The contour reading is at least as accurate everywhere, and strictly better
where the field bends — but it is not a drawn axis a reader can follow, which
is the trade the mixed biplot makes.

# Practical notes

**Span.** The single smoothing parameter is the loess span (default `0.6`).
Smaller values let the surface bend more; larger values push it towards the
principal-component plane. If the fitted contours look implausibly wiggly,
increase it.

**Deferral tuning.** Criterion 1 uses `delta` (the margin, as a fraction of
the value range, by which an interior extremum must exceed the boundary) and
Criterion 2 uses `cover_min` (the minimum fraction of the variable's range the
axis must span, default `0.55`). Both are arguments to `psaxis()` and to
`plot()`. Deferral is a display decision, not a verdict on the variable: a
deferred variable is still fitted, still predictable, and often the most
interesting one on the plot.

**Colouring by level.** With `col_by_level = TRUE`, contour lines are coloured
by the value they represent, so colour encodes the calibration directly.
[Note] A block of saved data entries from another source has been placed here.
Lemma SendStep_join_send q bsI (ZA ZB : list (branch * branch)) :
  p <> q -> NoDup (map br_label bsI) ->
  incl (map fst ZA) bsI -> NoDup (map br_label (map fst ZA)) -> map fst ZA <> [] ->
  incl (map fst ZB) bsI -> NoDup (map br_label (map fst ZB)) ->
  (forall z, In z ZA -> fst (fst z) = fst (snd z) /\ SendStep p l b (snd (fst z)) (snd (snd z)) /\
                       joinable (snd (fst z)) (snd (snd z))) ->
  (forall z, In z ZB -> fst (fst z) = fst (snd z) /\ SendStep p l b (snd (fst z)) (snd (snd z))) ->
  exists C, SendStep p l b (TSend q bsI) C /\
            widen (TSend q (map snd ZA)) C /\ widen (TSend q (map snd ZB)) C.
Proof.
  intros Hpq HndI HinclA HndA HneA HinclB HndB HZA HZB.
  destruct (join_branches ZA ZB HndB HZA HZB) as [cs Hcs].
  set (labels_A := map br_label (map fst ZA)).
  set (ZB' := filter (fun zb : branch * branch =>
                if in_dec Nat.eq_dec (br_label (fst zb)) labels_A then false else true) ZB).
  assert (HZB' : forall zb, In zb ZB' <-> In zb ZB /\ ~ In (br_label (fst zb)) labels_A).
  { intros zb. unfold ZB'. rewrite filter_In. destruct (in_dec _ _ _); intuition discriminate. }
  exists (TSend q (cs ++ map snd ZB')). split; [|split].
  - apply ss_send with (map fst ZA ++ map fst ZB'); auto.
    + intros x Hx. apply in_app_iff in Hx as [Hx|Hx]; auto.
      apply in_map_iff in Hx as [z [<- Hz]]. apply HinclB, in_map, HZB'. auto.
    + rewrite map_app. apply NoDup_app; auto.
      * rewrite map_map. apply NoDup_map_filter. rewrite <- map_map. auto.
      * intros x Hx1 Hx2. apply in_map_iff in Hx2 as [y [<- Hy]].
        apply in_map_iff in Hy as [z [<- Hz]]. apply HZB' in Hz. tauto.
    + intros E. apply app_eq_nil in E as [E _]. auto.
    + apply Forall2_app.
      * apply Forall2_map_l. eapply Forall2_impl; [|exact Hcs]. simpl. intuition.
      * apply Forall2_unzip. intros z Hz. apply HZB' in Hz. apply HZB. tauto.
  - constructor. intros l0 b0 a Hin. apply in_map_iff in Hin as [z [Ez Hz]].
    destruct (Forall2_in_l _ _ _ Hcs _ Hz) as [c [Hc [Ec [_ [Pc _]]]]].
    destruct (HZA _ Hz) as [Eza _]. exists (snd c). rewrite Ez in Pc, Eza. split; auto.
    apply in_app_iff. left. destruct c as [[? ?] ?]. simpl in *. congruence.
  - constructor. intros l0 b0 x Hin. apply in_map_iff in Hin as [zb [Ezb Hzb]].
    destruct (HZB _ Hzb) as [Ejb _]. rewrite Ezb in Ejb.
    destruct (in_dec Nat.eq_dec (br_label (fst zb)) labels_A) as [Hi|Hni].
    + apply in_map_iff in Hi as [j [Ej Hj]].
      assert (j = fst zb) as ->.
      { apply (NoDup_map_inj_in br_label bsI); auto. apply HinclB, in_map. auto. }
      apply in_map_iff in Hj as [z [Ez Hz]].
      destruct (Forall2_in_l _ _ _ Hcs _ Hz) as [c [Hc [Ec [_ [_ Pc]]]]].
      exists (snd c). split.
      * apply in_app_iff. left. destruct c as [[? ?] ?]. simpl in *. congruence.
      * specialize (Pc _ Hzb (eq_sym Ez)). rewrite Ezb in Pc. auto.
    + exists x. split; auto using widen_refl.
      apply in_app_iff. right. rewrite <- Ezb. apply in_map, HZB'. auto.
Qed.

Lemma SendStep_join Th U A : SendStep p l b U A -> wf Th U -> joinable U A.
Proof.
  induction 1 using SendStep_nested_ind; intros Hw B HB.
  - inversion HB as [bs0 V0 Hin| ? ? ? ? Hpq| |]; subst; [|congruence].
    apply wf_send_inv in Hw as [_ [Hnd _]].
    assert (E : (l, b, V) = (l, b, B)) by (eapply (NoDup_map_inj_in br_label); eauto).
    inversion E; subst. exists B. repeat split; auto using widen_refl.
  - apply wf_send_inv in Hw as [_ [HndI HwI]].
    inversion HB as [| ? ? JB bsB _ HinclB HndB _ HFB | |]; subst; [congruence|].
    destruct (Forall2_zip _ _ _ H3) as [ZA [-> [-> HZA]]].
    destruct (Forall2_zip _ _ _ HFB) as [ZB [-> [-> HZB]]].
    apply SendStep_join_send; auto.
    intros z Hz. destruct (HZA _ Hz) as [E [S IH]]. repeat split; auto.
    destruct z as [[[lz bz] Vz] a]. apply IH. apply (HwI lz bz), H0. apply (in_map fst) in Hz. auto.
  - apply wf_recv_inv in Hw as [_ [_ HwI]].
    inversion HB as [| | ? ? bsB HFB|]; subst.
    destruct (Forall2_cospan _ _ (fun x w => fst x = fst w /\ SendStep p l b (snd x) (snd w))
       (fun y w => fst y = fst w /\ widen (snd y) (snd w))
       (fun z w => fst z = fst w /\ widen (snd z) (snd w)) bs bs' bsB H HFB) as [ws [F1 [F2 F3]]].
    + intros [[lx bx] X] y z Hx [E [Sx IH]] [E' Sz].
      destruct (IH (HwI _ _ _ Hx) _ Sz) as [C [SC [PA PB]]].
      exists (lx, bx, C). simpl in *. repeat split; auto; congruence.
    + exists (TRecv q ws). repeat split; constructor; auto.
  - inversion HB as [| | |V0 B0 HB']; subst.
    destruct (IHSendStep (wf_unfold_rec _ _ Hw) _ HB') as [C [SC [PA PB]]].
    exists C. repeat split; auto. constructor; auto.
Qed.

Lemma SendStep_join_list Th U Ws :
  wf Th U -> Ws <> [] -> (forall W, In W Ws -> SendStep p l b U W) ->
  exists C, SendStep p l b U C /\ forall W, In W Ws -> widen W C.
Proof.
  intros Hw. induction Ws as [|W Ws IH]; intros Hne HS; [congruence|].
  destruct Ws as [|W' Ws'].
  - exists W. split; [apply HS; simpl; auto|]. intros W0 [<-|[]]. apply widen_refl.
  - destruct IH as [C' [SC' PC']]; [congruence | intros; apply HS; simpl; auto|].
    destruct (SendStep_join Th U W (HS W (or_introl eq_refl)) Hw _ SC') as [C [SC [P1 P2]]].
    exists C. split; auto. intros W0 [<-|HW0]; eauto using widen_trans.
Qed.
End JoinSendSteps.

Lemma asub_widen Th T U V : asub Th T U -> widen U V -> wf Th V -> asub Th T V.
Proof.
  intros H1 H2 H3.
  apply (asub_coind Th (fun a c => exists U, asub Th a U /\ widen U c /\ wf Th c)); [|eauto].
  clear. intros T V [U [HTU [HUV WV]]].
  destruct (asub_gen_asub _ _ _ HTU) as [W1 [W2 [S1 [S2 [S3 [S4 S5]]]]]].
  destruct (Unf_exists _ _ W2) as [U0 HU0].
  destruct (widen_Unf _ _ HU0 _ HUV) as [V0 [HV0 P0]].
  repeat split; auto.
  - intros p bs Hu l b Ti Hin. destruct (S1 _ _ Hu _ _ _ Hin) as [Ui [SUi AUi]].
    destruct (widen_SendStep _ _ _ _ _ SUi _ HUV) as [C' [SC PC]].
    exists C'. split; auto. left. exists Ui. repeat split; auto. eapply SendStep_wf; eauto.
  - intros p bs Hu. eapply widen_Recvs; eauto.
  - intros r ws Hu. pose proof (Unf_functional _ _ HV0 _ Hu); subst.
    inversion P0; subst. eauto.
  - intros r ws Hu m bm Vm Hin. pose proof (Unf_functional _ _ HV0 _ Hu); subst.
    inversion P0 as [| | | |? xs ? F|]; subst.
    destruct (Forall2_in_r _ _ _ F _ Hin) as [[[m' bm'] Um] [HUm [E PUm]]].
    simpl in *. inversion E; subst.
    destruct (S4 _ _ HU0 _ _ _ HUm) as [Tm [RTm ATm]].
    exists Tm. split; auto. left. exists Um. repeat split; auto.
    apply (Unf_wf _ _ _ HV0), wf_recv_inv in WV as [_ [_ Hb]]. eauto.
  - intros Hx. apply S5 in Hx; auto. pose proof (Unf_functional _ _ HU0 _ Hx); subst.
    inversion P0; subst. auto.
  - intros Hx. pose proof (Unf_functional _ _ HV0 _ Hx); subst.
    inversion P0; subst. apply S5; auto.
Qed.

Definition transfers_SendStepH Th p l b n := forall T T', SendStepH p l b n T T' ->
  forall U, asub Th T U -> exists U', SendStep p l b U U' /\ asub Th T' U'.

Section SendStepTransfer.
Variables (Th : tvar -> Prop) (p : participant) (l : label) (b : ground) (n : nat).
Hypothesis IH : transfers_SendStepH Th p l b n.

Lemma asub_SendStepH_send q bsI bsJ bs' U : p <> q -> incl bsJ bsI ->
  NoDup (map br_label bsJ) -> bsJ <> [] ->
  Forall2 (fun br br' => fst br = fst br' /\ SendStepH p l b n (snd br) (snd br')) bsJ bs' ->
  asub Th (TSend q bsI) U -> exists U', SendStep p l b U U' /\ asub Th (TSend q bs') U'.
Proof.
  intros Hpq Hincl Hnd Hne HF HTU.
  destruct (asub_gen_asub _ _ _ HTU) as [W1 [W2 [Hsend _]]].
  assert (Heach : forall t', In t' bs' -> exists W Y, SendStep p l b U W /\
             SendStep q (fst (fst t')) (snd (fst t')) W Y /\ asub Th (snd t') Y).
  { intros t' Ht'. destruct (Forall2_in_r _ _ _ HF _ Ht') as [[[lj bj] Xj] [Hj [Ej Sj]]].
    simpl in *. rewrite <- Ej.
    destruct (Hsend q bsI (Unf_send _ _) lj bj Xj (Hincl _ Hj)) as [Uj [SUj AUj]].
    destruct (IH _ _ Sj Uj AUj) as [Uj' [SUj' AUj']].
    destruct (SendStep_swap _ _ _ _ _ SUj p l b _ Hpq SUj') as [W [SW1 SW2]].
    exists W, Uj'. auto. }
  apply Forall2_choice in Heach as [Ws HWs].
  destruct (SendStep_join_list p l b Th U Ws W2) as [C [SC PC]].
  - eapply Forall2_nonnil; [exact HWs|]. eapply Forall2_nonnil; eauto.
  - intros W HW. destruct (Forall2_in_r _ _ _ HWs _ HW) as [t' [_ [Y [S _]]]]. auto.
  - exists C. split; auto. apply asub_send_l; [| eapply SendStep_wf; eauto |].
    + eapply SendStep_wf; [|exact W1]. eapply ss_send; eauto.
      eapply Forall2_impl; [|exact HF]. simpl. intros ? ? [? ?]. eauto using SendStepH_SendStep.
    + intros l' b' X Hin. destruct (Forall2_in_l _ _ _ HWs _ Hin) as [W [HW [Y [_ [SY AY]]]]].
      simpl in *. destruct (widen_SendStep _ _ _ _ _ SY _ (PC _ HW)) as [C' [SC' PC']].
      exists C'. split; auto. eapply asub_widen; eauto.
      eapply SendStep_wf; [exact SC'|]. eapply SendStep_wf; eauto.
Qed.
Only
the calibrated curves are drawn; unlike a filled surface, nothing is painted in
the space between them, so the display never suggests a value where the surface
merely interpolates. Set `n_contours` for the number of levels and `level_pal`
for the palette.

**Blank regions.** The contours are evaluated on a grid masked to the
data-support region: cells with no sample nearby are dropped. Where the
contours stop short of the frame, the configuration has a genuine void there —
between clusters, or at a sparse edge — and the smooth surface would otherwise
extrapolate a value with no data behind it.

**Units.** Displayed calibrations, contour levels, and everything returned by
`predict()` are in the original units of each variable. The internal
computations, `predictivity()`, and `axis_predictive_error()` operate in the
working (centred, optionally standardised) units.

# References

Gower, J.C. and Hand, D.J. (1996). *Biplots*. Chapman & Hall, London.

Gower, J.C., Lubbe, S. and le Roux, N. (2011). *Understanding Biplots*.
Wiley, Chichester.

Hastie, T. and Stuetzle, W. (1989). Principal curves. *Journal of the
American Statistical Association*, **84**, 502–516.